As police agencies across the United States adopt license plate readers in rapidly growing numbers, the private companies involved in the industry are making their profits at the nightmarish cost of the public’s privacy.
The use of license plate readers, or LPRs, has skyrocketed in recent years, with hundreds of police departments from coast-to-coast acquiring these state-of-the-art systems lately that can shoot hundreds of images of car tags a minute and then match that information with constantly growing databases containing automobiles of interest.
Law enforcement officers use LPRs to check for stolen cars in some cities, and reposition agencies elsewhere rely on the systems to see what cars can be collected for a bounty. In some locales, police officials have even credited the technology with helping to catch violent criminals by scouring vast databases for license plate images shot by any LPR camera at the agency’s disposal and attempting to pinpoint what car was near a crime scene when it happened and then learning more about that suspicious automobile. According to the Law Officer policing website, the technology has been used “to solve literally hundreds of thousands of crimes across the country.”
With data retention laws often absent and oversight all too lax, however, privacy advocates are warning that the private companies that sell LPR systems and administer their associated databases are able to do much more than just help officers locate cars and issue arrests.
The expanding but highly unchecked use of LPRs was the subject of a widely-circulated American Civil Liberties Union report earlier this year, “You Are Being Tracked,” which spawned a number of news articles and helped raise awareness of what exactly the systems are capable of doing. An analysis of one of the industry’s top players by the bloggers at PrivacySOS.com this week is raising new questions about the capabilities of such systems, though.
“Our worst nightmare with respect to automatic license plate readers is quickly becoming a reality,” one of the bloggers wrote on Tuesday. “Federal, state and local law enforcement appear to agree with the NSA's 'collect it all' mentality when it comes to tracking the movements of innocent motorists. And a video produced by a corporation that is making lots of money off of the destruction of our privacy shows just how that data can be used against us.”

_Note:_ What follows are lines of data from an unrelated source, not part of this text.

Lemma farkas_seq (r : seq K) (a : K -> D -> R) (c : D -> R) : uniq r ->
  (exists u : K -> R, (forall k, 0 <= u k) /\ forall j, c j = \sum_(k <- r) u k * a k j)
  \/ (exists d, (forall k, k \in r -> 0 <= dot (a k) d) /\ dot c d < 0).
Proof.
elim: r a c => [|k r IH] a c.
  move=> _; case: (boolP [forall j, c j == 0]) => [/forallP c0|].
    by left; exists (fun _ => 0); split=> // j; rewrite big_nil; exact/eqP.
  rewrite negb_forall => /existsP[j cj].
  right; exists (fun j => - c j); split=> //.
  rewrite /dot (eq_bigr (fun j => - c j ^+ 2)) => [|i _]; last by rewrite mulrN.
  rewrite sumrN oppr_lt0 (bigD1 j) //=; apply: ltr_pwDl; first by rewrite exprn_even_gt0.
  by apply: sumr_ge0 => i _; exact: sqr_ge0.
rewrite cons_uniq => /andP[kNr r_uniq].
case: (IH a c r_uniq) => [[u [u0 cE]]|[d [ad cd]]].
  by left; apply: (cons_nonneg_combination kNr (lexx 0) u0) => j; rewrite mul0r add0r.
have [akd|akd] := lerP 0 (dot (a k) d).
  by right; exists d; split=> // x; rewrite in_cons => /predU1P[->|/ad].
set al := dot (a k) d in akd.
pose a' x j := a x j - dot (a x) d / al * a k j.
pose c' j := c j - dot c d / al * a k j.
case: (IH a' c' r_uniq) => [[u [u0 cE]]|[d' [ad' cd']]].
  left; pose T := (dot c d - \sum_(x <- r) u x * dot (a x) d) / al.
  apply: (cons_nonneg_combination (T := T) kNr _ u0).
    rewrite /T ler_ndivlMr // mul0r subr_le0; apply: le_trans (ltW cd) _.
    by rewrite big_seq; apply: sumr_ge0 => x xr; rewrite mulr_ge0 ?ad.
  move=> j; have := cE j; rewrite /c' /a' /T.
  have -> : \sum_(x <- r) u x * (a x j - dot (a x) d / al * a k j) =
      \sum_(x <- r) u x * a x j - (\sum_(x <- r) u x * dot (a x) d) / al * a k j.
    by rewrite !mulr_suml -sumrB; apply: eq_bigr => x _; ring.
  rewrite mulrBl mulrBl; lra.
right; exists (fun j => d' j - dot (a k) d' / al * d j); split.
  move=> x; rewrite in_cons => /predU1P[->|xr]; last by rewrite -dot_project ad'.
  by rewrite dot_subr_scaler -/al divfK ?subrr // lt_eqF.
by rewrite -dot_project.
Qed.

Lemma farkas (P : pred K) (a : K -> D -> R) (c : D -> R) :
  (exists u : K -> R, [/\ forall k, 0 <= u k, forall k, ~~ P k -> u k = 0
                       & forall j, c j = \sum_k u k * a k j])
  \/ (exists d, (forall k, P k -> 0 <= dot (a k) d) /\ dot c d < 0).
Proof.
case: (farkas_seq a c (enum_uniq P)) => [[u [u0 cE]]|[d [ad cd]]].
  left; exists (fun k => if P k then u k else 0); split=> [k|k /negbTE->|j] //.
    by case: ifP.
  rewrite cE big_enum big_mkcond /=; apply: eq_bigr => k _.
  by rewrite unfold_in; case: (P k); rewrite ?mul0r.
by right; exists d; split=> // k Pk; rewrite ad ?mem_enum.
Qed.

Lemma exists_feasible_step (s g : K -> R) : (forall k, 0 <= s k) ->
    (forall k, s k = 0 -> 0 <= g k) ->
  exists2 t, 0 < t & forall k, 0 <= s k + t * g k.
Proof.
move=> s0 sg.
pose M := \sum_k (if 0 < s k then `|g k| / s k else 0).
have M0 : 0 <= M by apply: sumr_ge0 => k _; case: ifP => // /ltW h; apply: divr_ge0.
have t0 : 0 < (1 + M)^-1 by rewrite invr_gt0; lra.
exists (1 + M)^-1 => // k; have [sk0|skN0] := eqVneq (s k) 0.
  by rewrite sk0 add0r mulr_ge0 ?sg // ltW.
have sk_gt0 : 0 < s k by rewrite lt_neqAle eq_sym skN0 s0.
have gk_le : `|g k| / s k <= M.
  rewrite /M (bigD1 k) //= sk_gt0 lerDl; apply: sumr_ge0 => i _.
  by case: ifP => // /ltW h; apply: divr_ge0.
have : `|g k| * (1 + M)^-1 <= s k.
  by rewrite ler_pdivrMr ?ltr_pwDl //; move: gk_le; rewrite ler_pdivrMr //; nra.
have := ler_norm (- g k); rewrite normrN; nra.
Qed.

End Farkas.

Lemma sum_eq_natl (R : pzSemiRingType) (T : finType) (f : T -> R) i :
  \sum_x (i == x)%:R * f x = f i.
Proof.
rewrite (bigD1 i) //= eqxx mul1r big1 ?addr0 // => x /negbTE.
by rewrite eq_sym => ->; rewrite mul0r.
Qed.

Lemma sum_mem_natl (R : pzSemiRingType) (T : finType) (f : T -> R) (A : {set T}) :
  \sum_x (x \in A)%:R * f x = \sum_(x in A) f x.
Proof.
rewrite [RHS]big_mkcond; apply: eq_bigr => x _.
by case: (x \in A); rewrite ?mul1r ?mul0r.
Qed.

Section Duality.
Variables (R : realType) (V : finType) (E : {set {set V}}) (b : V -> nat).
Variables (w : {set V} -> R) (y : V -> R) (lam : {set V} -> R).
Hypothesis sgE : simple_graph E.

Indeed, the blog linked to a YouTube video uploaded earlier this
year by LPR company Vigilant Solutions that shows just how
prevalent the technology is becoming and the extensive abilities
it affords investigators as a result.
The video in question is one of many made by Vigilant Solutions in which the company explains just how its tools can be used to track down suspects. As PrivacySOS noted, however, the possibilities of how these products could be used are seemingly endless as more LPR cameras are installed around the country and millions upon millions of logs are being recorded on a regular basis documenting where and when countless cars have been.
In the YouTube clip, a narrator walks through a sample scenario in which an investigator relies on Vigilant Solution’s LEARN (Law Enforcement Archival & Reporting Network) system to see four separate crime scenes within a city that are thought to be linked. A police officer with access to LEARN can load up the application and type in certain addresses and then see the license plates of any car caught on camera within a certain radius and timeframe. By scouring for car details near all four crime scenes, investigators can see if a common vehicle was in the vicinity for more than one incident and then inquire further for information about that automobile or its registered owner.
According to a statement made by Vigilant Solutions earlier this month, the company has over one billion logs in its system of license plates caught by LPR cameras capable of capturing data on thousands of automobiles each day. With the right access, any individual with LEARN or a similar system at their disposable can scour this data to see where and when a specific automobile traveled over time. But as the ACLU adamantly noted throughout its report earlier this year, many jurisdictions have no retention policy in place, allowing private companies like Vigilant Solutions and their law enforcement associates to indefinitely expand the amount of information in their networks. In Jersey City, New Jersey, for example, police have gathered over 10 million license plate records in a town of only 250,000 residents because they can keep images on file for five years. In Milpitas, California, no law whatsoever limits how long officials there can keep records detailing the driving history of the city’s roughly one million residents, not to mention anyone else who may be passing through.
"You could have a nationwide vision of where I was at a given time," Mary Ellen Callahan, the former chief privacy officer for the Department of Homeland Security, told the Wall Street Journal earlier this year in an article by Julia Angwin and Jennifer Valentino-Devries about LPRs.
And as PrivacySOS noted, that information could be used for more than just law enforcement. Citing the specific LEARN video uploaded by Vigilant Solutions, the blogger admits, “The scenario described in the video pertains to a fictional homicide investigation, but there's no reason the same kind of investigative technique couldn't be used to look into antiwar protesters, journalists who are asking difficult questions of a police chief or nosy city council members.”
“As you can see, the fictional officer wasn't required to enter a reason, provide any legal justification, nor even make reference to an investigation file before he was able to query the database and use analytic tools to decipher it,” the blog post continues. “When it comes to license plate tracking in the United States today, just about anything goes.”
Fortunately for the companies investing in LPRs, they can use that same mentality to make millions by selling access to the information it collects. In the WSJ article from earlier this year, the paper profiled Mike Griffin, an auto repossession agent from Baltimore, Maryland who relies on a fleet of camera-equipped cars to collect roughly a million plates a month, the likes of which are then matched against a private database administered by MVTrac, Vigilant Solution’s top competitor. Griffin and his crew has managed to amass a database on their own of 19 million historical locations of vehicles just within the greater Baltimore area, the Journal reported, and while his company lets police see that information for free, he sees no problem with selling that intelligence to others.
"In the next five years, I hope my primary business will be data gathering," he told the paper, adding that he has plans to soon put that information into the hands of bail bondsmen, process servers, private investigators and insurers — and all for a price.
Meanwhile, the affordability of LPRs and the declining cost of storing associated images are allowing those databases to expand rapidly in size, with MVTrac boasting ownership of photos and location data on “a large majority” of registered vehicles in the US. According to the ACLU, similar databases have been expanding each month to the tune of 35 to 50 million new LPR records.